I only test in production. :stuck_out_tongue:

But in all seriousness, Yes, I plan on using go test, once I figure out unit testing. I’ve never done it before, and it seems like a lot of work for very little gain at this point so I’m going to hold off until I have a larger codebase.


#14

Legit pro.

Yeah, it took me a while to see the value, big or small, project didn’t matter, I just skipped it.

Once you figure it out and automate it, it completely pays off.

It looked like you were using VS Code earlier. If that’s the case, they have a nifty feature with the Go Analysis Tools that allow you to run individual tests.

Go is weird in that when you run your test file, it just says “success” or whatever. It doesn’t tell you what passed or what failed, like with JavaScript or PHP. It was helpful using VS Code.


#15

the one and only!

That’s very nice. I really want to get this project to the point of “working, ish” then I’ll start building tests for it.

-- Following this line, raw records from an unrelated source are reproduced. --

Lemma z2_lift_alg_hom : alg_hom z2_lift.
Proof.
have [g2 _] := HG.
have coordP x : exists a b, x = a *: 1 + b *: g.
  by exists (z2_coord x).1, (z2_coord x).2; apply: z2_coordK.
apply: alg_homP => [x y|c x|x y|].
- have [a [b ->]] := coordP x; have [a' [b' ->]] := coordP y.
  by rewrite addrACA -!scalerDl !z2_liftE addrACA -!scalerDl.
- have [a [b ->]] := coordP x.
  by rewrite scalerDr !scalerA !z2_liftE scalerDr !scalerA.
- have [a [b ->]] := coordP x; have [a' [b' ->]] := coordP y.
  by rewrite mul_z2 // !z2_liftE mul_z2.
- by have := z2_liftE 1 0; rewrite !scale1r !scale0r !addr0.
Qed.

End GroupAlgebraZ2.

Section MatrixAlgebra.
Variables (R : pzRingType) (B : algType R) (n : nat).

Definition mxalg := 'M[B]_n.+1.
HB.instance Definition _ := GRing.NzRing.on mxalg.

Definition mxalg_scale (c : R) (X : mxalg) : mxalg := map_mx ( *:%R c) X.

Lemma mxalg_scaleA a b X :
  mxalg_scale a (mxalg_scale b X) = mxalg_scale (a * b) X.
Proof. by apply/matrixP => i j; rewrite !mxE scalerA. Qed.

Lemma mxalg_scale1 : left_id 1 mxalg_scale.
Proof. by move=> X; apply/matrixP => i j; rewrite !mxE scale1r. Qed.

Lemma mxalg_scaleDr : right_distributive mxalg_scale +%R.
Proof. by move=> a X Y; apply/matrixP => i j; rewrite !mxE scalerDr. Qed.

Lemma mxalg_scaleDl X : {morph mxalg_scale^~ X : a b / a + b}.
Proof. by move=> a b; apply/matrixP => i j; rewrite !mxE scalerDl. Qed.

HB.instance Definition _ := GRing.Zmodule_isLmodule.Build R mxalg
  mxalg_scaleA mxalg_scale1 mxalg_scaleDr mxalg_scaleDl.

Lemma mxalg_scaleAl (a : R) (X Y : mxalg) : a *: (X * Y) = (a *: X) * Y.
Proof.
apply/matrixP => i j; rewrite !mxE scaler_sumr; apply: eq_bigr => k _.
by rewrite !mxE scalerAl.
Qed.
HB.instance Definition _ := GRing.Lmodule_isLalgebra.Build R mxalg mxalg_scaleAl.

Lemma mxalg_scaleAr (a : R) (X Y : mxalg) : a *: (X * Y) = X * (a *: Y).
Proof.
apply/matrixP => i j; rewrite !mxE scaler_sumr; apply: eq_bigr => k _.
by rewrite !mxE scalerAr.
Qed.
HB.instance Definition _ := GRing.Lalgebra_isAlgebra.Build R mxalg mxalg_scaleAr.

End MatrixAlgebra.

Section TwoByTwo.
Variables (R : pzRingType) (B : algType R).
Local Notation M2 := (mxalg B 1).

Definition mx2 (a b c d : B) : M2 :=
  \matrix_(i, j) if i == ord0 then (if j == ord0 then a else b)
                 else (if j == ord0 then c else d).

Lemma ord2P (i : 'I_2) : i = ord0 \/ i = ord_max.
Proof. by case: i => [[|[|//]] Hi]; [left|right]; apply/val_inj. Qed.

Lemma mx2_eta (X : M2) :
  X = mx2 (X ord0 ord0) (X ord0 ord_max) (X ord_max ord0) (X ord_max ord_max).
Proof.
by apply/matrixP => i j; rewrite mxE; case: (ord2P i) => ->; case: (ord2P j) => ->.
Qed.

Lemma mx2_00 a b c d : mx2 a b c d ord0 ord0 = a.
Proof. by rewrite mxE. Qed.

Lemma add_mx2 a b c d a' b' c' d' :
  mx2 a b c d + mx2 a' b' c' d' = mx2 (a + a') (b + b') (c + c') (d + d').
Proof.
apply/matrixP => i j; rewrite !mxE.
by case: (ord2P i) => ->; case: (ord2P j) => ->.
Qed.

Lemma scale_mx2 (k : R) a b c d :
  k *: mx2 a b c d = mx2 (k *: a) (k *: b) (k *: c) (k *: d).
Proof.
apply/matrixP => i j; rewrite !mxE.
by case: (ord2P i) => ->; case: (ord2P j) => ->.
Qed.

Lemma mul_mx2 a b c d a' b' c' d' :
  mx2 a b c d * mx2 a' b' c' d' =
  mx2 (a * a' + b * c') (a * b' + b * d') (c * a' + d * c') (c * b' + d * d').
Proof.
apply/matrixP => i j; rewrite !mxE !big_ord_recl big_ord0 addr0 !mxE.
have -> : lift ord0 ord0 = ord_max :> 'I_2 by apply: val_inj.
by case: (ord2P i) => ->; case: (ord2P j) => ->.
Qed.

Lemma mx2_1 : 1 = mx2 1 0 0 1.
Proof.
apply/matrixP => i j; rewrite !mxE.
by case: (ord2P i) => ->; case: (ord2P j) => ->.
Qed.

End TwoByTwo.

Section TwoByTwoStar.
Variables (B : algType Cplx) (sB : B -> B).
Hypothesis HsB : is_star sB.
Local Notation M2 := (mxalg B 1).

Lemma diag_mx2_alg_hom (A : algType Cplx) (f g : A -> B) :
  alg_hom f -> alg_hom g -> alg_hom (fun x => mx2 (f x) 0 0 (g x) : M2).
Proof.
move=> Hf Hg; apply: alg_homP => [x y|c x|x y|].
- by rewrite add_mx2 addr0 (alg_homD Hf) (alg_homD Hg).
- by rewrite scale_mx2 scaler0 (alg_homZ Hf) (alg_homZ Hg).
- by rewrite mul_mx2 !mulr0 !mul0r !addr0 !add0r (alg_homM Hf) (alg_homM Hg).
- by rewrite mx2_1 (alg_hom1 Hf) (alg_hom1 Hg).
Qed.

(* X |-> J (sB X)^T J with sB applied entrywise and J the antidiagonal
   permutation matrix; it sends diag(a, b) to diag(sB b, sB a). *)
Definition mx2_star (X : M2) : M2 :=
  mx2 (sB (X ord_max ord_max)) (sB (X ord0 ord_max))
      (sB (X ord_max ord0)) (sB (X ord0 ord0)).

Lemma mx2_starE a b c d : mx2_star (mx2 a b c d) = mx2 (sB d) (sB b) (sB c) (sB a).
Proof. by rewrite /mx2_star !mxE. Qed.

Lemma mx2_star_is_star : is_star mx2_star.
Proof.
have [sK sD sZ sM] := HsB.
split=> [X|X Y|k X|X Y].
- by rewrite [X in RHS]mx2_eta /mx2_star !mxE !sK.
- by rewrite [X]mx2_eta [Y]mx2_eta add_mx2 !mx2_starE add_mx2 !sD.
- by rewrite [X]mx2_eta scale_mx2 !mx2_starE scale_mx2 !sZ.
- rewrite [X]mx2_eta [Y]mx2_eta mul_mx2 !mx2_starE mul_mx2 !sD !sM addrC.
  by congr mx2; rewrite addrC.
Qed.

Definition hadamard : M2 :=
  let s : Cplx := sqrtC 2^-1 in mx2 s%:A s%:A s%:A (- s%:A).

Lemma hadamard_sqr : hadamard * hadamard = 1.
Proof.
pose s : Cplx := sqrtC 2^-1.
have ss : s * s = 2^-1 by rewrite -expr2 sqrtCK.
have h2 : 2^-1 + 2^-1 = 1 :> Cplx by rewrite [RHS](splitr 1) mul1r.
rewrite /hadamard mul_mx2 mx2_1 !mulrN !mulNr opprK !mulr_algl !scalerA ss.
by congr mx2; rewrite ?subrr // -scalerDl h2 scale1r.
Qed.

Lemma hadamard_star_diag (p q : B) :
  mx2_star hadamard * mx2 p 0 0 q * mx2_star hadamard =
  hadamard * mx2 q 0 0 p * hadamard.
Proof.
have sB_anti := star_anti_hom HsB.
have sc : (sqrtC 2^-1 : Cplx)^* = sqrtC 2^-1.
  by apply: geC0_conj; rewrite sqrtC_ge0 invr_ge0 ler0n.
rewrite /hadamard mx2_starE !(anti_homN sB_anti) !(anti_homA sB_anti) sc !mul_mx2.
rewrite !(mulr0, mul0r, addr0, add0r, mulNr, mulrN, opprK, mulr_algl, mulr_algr, scalerN).
by congr mx2; rewrite addrC.
Qed.

Lemma hadamard_conj_diag_inj (t : B -> B) :
  injective (fun x => hadamard * mx2 x 0 0 (t x) * hadamard).
Proof.
have conjK X : hadamard * (hadamard * X * hadamard) * hadamard = X.
  by rewrite !mulrA hadamard_sqr mul1r -mulrA hadamard_sqr mulr1.
move=> x y /(congr1 (fun X => (hadamard * X * hadamard) ord0 ord0)) /=.
by rewrite !conjK !mx2_00.
Qed.

End TwoByTwoStar.

Section DoubleEmbedding.
Variables (A A' DA : algType Cplx) (sA : A -> A) (phi : A -> A').
Variables (sDA : DA -> DA) (iA : A -> DA) (jA : A' -> DA).
Hypotheses (HA : is_star sA) (HDA : is_star_double phi sDA iA jA).
Local Notation M2 := (mxalg DA 1).

Definition double_diag (a : A) : M2 := mx2 (iA a) 0 0 (jA (phi (sA a))).

Lemma double_diag_star_hom : star_hom sA (mx2_star sDA) double_diag.
Proof.
have [Hphi [HiA HjA _] HsDA iE jE] := HDA.
have [phi_anti _] := conj_opp_anti_hom Hphi.
have sAK : involutive sA by case: HA.
split=> [|a].
  apply: diag_mx2_alg_hom HiA _.
  exact: comp_alg_hom (comp_anti_hom (star_anti_hom HA) phi_anti) HjA.
by rewrite /double_diag mx2_starE (anti_hom0 (star_anti_hom HsDA)) jE iE sAK.
Qed.

Lemma double_flip : exists2 th : DA -> DA, alg_hom th &
  (forall a, th (iA a) = jA (phi (sA a))) /\ (forall a, th (jA (phi a)) = iA (sA a)).
Proof.
have [Hphi [HiA HjA UF] _ _ _] := HDA.
have [phi_anti [psi [phiK _ psi_anti]]] := conj_opp_anti_hom Hphi.
have sA_anti := star_anti_hom HA.
have [th [Hth thi thj _]] := UF DA (fun a => jA (phi (sA a))) (fun b => iA (sA (psi b)))
  (comp_alg_hom (comp_anti_hom sA_anti phi_anti) HjA)
  (comp_alg_hom (comp_anti_hom psi_anti sA_anti) HiA).
by exists th => //; split=> // a; rewrite thj phiK.
Qed.

Lemma double_embedding (P : algType Cplx) (sP : P -> P) (k0 : A -> P) (u : P)
    (h : P -> M2) :
  is_star sP -> star_hom sA sP k0 -> u * u = 1 ->
  star_hom sP (mx2_star sDA) h -> (forall a, h (k0 a) = double_diag a) ->
  h u = hadamard DA ->
  exists F : DA -> P, star_hom sDA sP F /\ injective F.
Proof.
move=> HsP Hk0 uu Hh hk0 hu.
have [Hphi HFP HsDA iE _] := HDA.
have [_ [psi [_ psiK _]]] := conj_opp_anti_hom Hphi.
have sAK : involutive sA by case: HA.
have [_ _ _ starM] := mx2_star_is_star HsDA.
have [F HF Fi] := star_double_extend HDA HsP (conjugate_alg_hom uu Hk0.1).
have [th Hth [thi thj]] := double_flip.
have hF : (fun x => h (F x)) =1
          (fun x => hadamard DA * mx2 x 0 0 (th x) * hadamard DA).
  apply: (free_product2_eq HFP).
  - exact: comp_alg_hom HF.1 Hh.1.
  - by apply/(conjugate_alg_hom (hadamard_sqr _))/diag_mx2_alg_hom => //; apply: alg_homP.
  - by move=> a; rewrite Fi !(alg_homM Hh.1) hu hk0 thi.
  - move=> b; rewrite -[b]psiK -iE HF.2 Fi Hh.2 !(alg_homM Hh.1) hu hk0.
    rewrite !starM mulrA -double_diag_star_hom.2 /double_diag sAK iE thj.
    exact: hadamard_star_diag.
by exists F; split=> // x y /(congr1 h); rewrite !hF => /hadamard_conj_diag_inj.
Qed.

End DoubleEmbedding.

Theorem lemma1
  (A : algType Cplx) (sA : A -> A) (HA : is_star sA)
  (A' : algType Cplx) (phi : A -> A') (DA : algType Cplx) (sDA : DA -> DA)
  (iA : A -> DA) (jA : A' -> DA) (HDA : is_star_double phi sDA iA jA)
  (G : algType Cplx) (g : G) (HG : is_group_alg_Z2 g)
  (G' : algType Cplx) (psi : G -> G') (DG : algType Cplx) (sDG : DG -> DG)
  (iG : G -> DG) (jG : G' -> DG) (HDG : is_star_double psi sDG iG jG)
  (P : algType Cplx) (sP : P -> P) (k0 : A -> P) (k1 k2 : DG -> P)
  (HP : is_star_free_product3 sA sDG sDG sP k0 k1 k2) :
  exists F : DA -> P, star_hom sDA sP F /\ injective F.
Proof.
have [HsP Hk0 Hk1 _ UP] := HP.
have [_ _ HsDA _ _] := HDA.
have HsM := mx2_star_is_star HsDA.
have [f1 Hf1 f1i] :=
  star_double_extend HDG HsM (z2_lift_alg_hom HG (hadamard_sqr DA)).
have [h [Hh hk0 hk1 _ _]] :=
  UP _ _ _ f1 f1 HsM (double_diag_star_hom HA HDA) Hf1 Hf1.
have [[g2 _] [_ [HiG _ _] _ _ _]] := (HG, HDG).
apply: (double_embedding HA HDA HsP Hk0 _ Hh hk0 (u := k1 (iG g))).
  by rewrite -(alg_homM Hk1.1) -(alg_homM HiG) g2 (alg_hom1 HiG) (alg_hom1 Hk1.1).
by rewrite hk1 f1i z2_lift_gen.
Qed.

I can’t imagine that’s the case. That seems very counter to the mission of go.


#16

Day 1

Spending a lot of time rethinking database design. Data Structures are addicting.

I’m thiiis close to implementing an LSM database, but know I need to just get this shit underway.


#17

Day 2

I know this blog is late. I had a busy day though and while I didn’t get as much time as I’d have liked, I still got my 1H in. I mostly did research and experimentation with channels and goroutines for business logic of backing data up. It’s looking quite cool and efficient, so I’m going to try implementing it.

Will also allow for easier adoption to a clustered network based backup solution later, since you can just bolt on some network logic in between the channels!


#18

NOT THE LEADER!! NOOOOOO!!!


#19

I got dragged into a bunch of bullshit at work, so I didn’t have time most of the week. I did work on it today (yesterday) and I’ll post an update tomorrow about that.

Suffice to say, I’ve failed this devember, but that doesn’t mean my project is over.


#20

Does this mean you don’t get the badge?!